Task prompt:
Search the data below for the line containing "apply: eq_eseriesr => d", then please set down that line and all remaining ones exactly as written.

----

Lemma sum_zk_weighted_nneseries :
  (\sum_(c <oo) (if (N %| c.+1)%N then zk_weighted k s c.+1 else 0)%:E =
   \sum_(r <oo) \sum_(d <oo) (t r d * (r.+1 %/ N)%N%:R)%:E)%E.
Proof.
have if_summand_ge0 (b : bool) r d : (0 <= (if b then t r d else 0)%:E)%E.
  by rewrite lee_fin; case/andP: (zk_summand_if_ge0_le b r d).
transitivity (\sum_(c <oo) \sum_(r <oo) \sum_(d <oo)
    (if (N %| c.+1)%N && (c.+1 <= r.+1)%N then t r d else 0)%:E)%E.
  apply: eq_eseriesr => c _; case: ifP => _; first exact: zk_weighted_EFin.
  by rewrite eseries0 // => r _ _; rewrite eseries0.
rewrite nneseries_interchange; last by move=> c r; apply: nneseries_ge0 => d _ _.
apply: eq_eseriesr => r _; rewrite nneseries_interchange //.
apply: eq_eseriesr => d _; rewrite (nneseries_finite_support (n := r.+1)) //; last first.
  by move=> c lt_rc _; rewrite ltnS leqNgt lt_rc andbF.
rewrite sumEFin -sum_dvdn_const //; congr EFin.
by apply: eq_big_nat => c /andP[_ lt_cr]; rewrite lt_cr andbT.
Qed.

Lemma zk_summand_divn_summable :
  (\sum_(r <oo) \sum_(d <oo) (t r d * (r.+1 %/ N)%N%:R)%:E < +oo)%E.
Proof.
apply: le_lt_trans (kweight_mul_summable R k_ge2).
apply: lee_nneseries => [r _ _|r _].
  apply: nneseries_ge0 => d _ _.
  by rewrite lee_fin; case/andP: (zk_summand_divn_ge0_le r d).
by apply: lee_nneseries => [d _ _|d _]; rewrite lee_fin;
  case/andP: (zk_summand_divn_ge0_le r d).
Qed.

Lemma zk_weighted_series_nnsummable :
  nnsummable (fun c => if (N %| c.+1)%N then zk_weighted k s c.+1 else 0).
Proof.
split=> [c|]; first by case: ifP => // _; apply: zk_weighted_ge0.
by rewrite sum_zk_weighted_nneseries; apply: zk_summand_divn_summable.
Qed.
Variable n : nat.
Hypothesis n_gt1 : (1 < n)%N.

Lemma Zp_val_lt (x : 'Z_n) : (val x < n)%N.
Proof. by apply: leq_trans (ltn_ord x) _; rewrite (Zp_cast n_gt1). Qed.

Lemma val_Zp_intr (z : int) : (val (z%:~R : 'Z_n))%:Z = (z %% n)%Z.
Proof.
have mod_ge0 : (0 <= z %% n)%Z by apply: modz_ge0; lia.
have mod_lt : (z %% n < n)%Z by apply: ltz_pmod; lia.
rewrite {1}(divz_eq z n) intrD intrM.
have -> : (n%:Z%:~R : 'Z_n) = 0 by exact: pchar_Zp.
rewrite mulr0 add0r -(gez0_abs mod_ge0) /= val_Zp_nat // modn_small //; lia.
Qed.

Lemma Zp_intr_eq (z w : int) : ((z%:~R : 'Z_n) == w%:~R) = (n %| z - w)%Z.
Proof. by rewrite -eqz_mod_dvd -val_eqE -eqz_nat /= !val_Zp_intr. Qed.

Lemma pin_eq (P Q : int * int) :
  (pin n P == pin n Q) = (n %| P.1 - Q.1)%Z && (n %| P.2 - Q.2)%Z.
Proof. by rewrite xpair_eqE !Zp_intr_eq. Qed.

Lemma dvdz_val_intr (z : int) : (n %| (val (z%:~R : 'Z_n))%:Z - z)%Z.
Proof. by rewrite -Zp_intr_eq Zp_intr_val. Qed.

Lemma cdist_intr (z w : int) : (absz (z - w) <= n)%N ->
  cdist n z%:~R w%:~R = cycdist n (z - w).
Proof.
move=> zw_le; rewrite cdistE; apply: cycdist_eqmod => //.
  by have := Zp_val_lt z%:~R; have := Zp_val_lt w%:~R; lia.
have := dvdz_val_intr z; have := dvdz_val_intr w.
move=> /dvdzP [e he] /dvdzP [f hf]; apply/dvdzP; exists (f - e); lia.
Qed.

----

Solution:
apply: eq_eseriesr => d _; rewrite (nneseries_finite_support (n := r.+1)) //; last first.
  by move=> c lt_rc _; rewrite ltnS leqNgt lt_rc andbF.
rewrite sumEFin -sum_dvdn_const //; congr EFin.
by apply: eq_big_nat => c /andP[_ lt_cr]; rewrite lt_cr andbT.
Qed.

Lemma zk_summand_divn_summable :
  (\sum_(r <oo) \sum_(d <oo) (t r d * (r.+1 %/ N)%N%:R)%:E < +oo)%E.
Proof.
apply: le_lt_trans (kweight_mul_summable R k_ge2).
apply: lee_nneseries => [r _ _|r _].
  apply: nneseries_ge0 => d _ _.
  by rewrite lee_fin; case/andP: (zk_summand_divn_ge0_le r d).
by apply: lee_nneseries => [d _ _|d _]; rewrite lee_fin;
  case/andP: (zk_summand_divn_ge0_le r d).
Qed.

Lemma zk_weighted_series_nnsummable :
  nnsummable (fun c => if (N %| c.+1)%N then zk_weighted k s c.+1 else 0).
Proof.
split=> [c|]; first by case: ifP => // _; apply: zk_weighted_ge0.
by rewrite sum_zk_weighted_nneseries; apply: zk_summand_divn_summable.
Qed.
Variable n : nat.
Hypothesis n_gt1 : (1 < n)%N.

Lemma Zp_val_lt (x : 'Z_n) : (val x < n)%N.
Proof. by apply: leq_trans (ltn_ord x) _; rewrite (Zp_cast n_gt1). Qed.

Lemma val_Zp_intr (z : int) : (val (z%:~R : 'Z_n))%:Z = (z %% n)%Z.
Proof.
have mod_ge0 : (0 <= z %% n)%Z by apply: modz_ge0; lia.
have mod_lt : (z %% n < n)%Z by apply: ltz_pmod; lia.
rewrite {1}(divz_eq z n) intrD intrM.
have -> : (n%:Z%:~R : 'Z_n) = 0 by exact: pchar_Zp.
rewrite mulr0 add0r -(gez0_abs mod_ge0) /= val_Zp_nat // modn_small //; lia.
Qed.

Lemma Zp_intr_eq (z w : int) : ((z%:~R : 'Z_n) == w%:~R) = (n %| z - w)%Z.
Proof. by rewrite -eqz_mod_dvd -val_eqE -eqz_nat /= !val_Zp_intr. Qed.

Lemma pin_eq (P Q : int * int) :
  (pin n P == pin n Q) = (n %| P.1 - Q.1)%Z && (n %| P.2 - Q.2)%Z.
Proof. by rewrite xpair_eqE !Zp_intr_eq. Qed.

Lemma dvdz_val_intr (z : int) : (n %| (val (z%:~R : 'Z_n))%:Z - z)%Z.
Proof. by rewrite -Zp_intr_eq Zp_intr_val. Qed.

Lemma cdist_intr (z w : int) : (absz (z - w) <= n)%N ->
  cdist n z%:~R w%:~R = cycdist n (z - w).
Proof.
move=> zw_le; rewrite cdistE; apply: cycdist_eqmod => //.
  by have := Zp_val_lt z%:~R; have := Zp_val_lt w%:~R; lia.
have := dvdz_val_intr z; have := dvdz_val_intr w.
move=> /dvdzP [e he] /dvdzP [f hf]; apply/dvdzP; exists (f - e); lia.
Qed.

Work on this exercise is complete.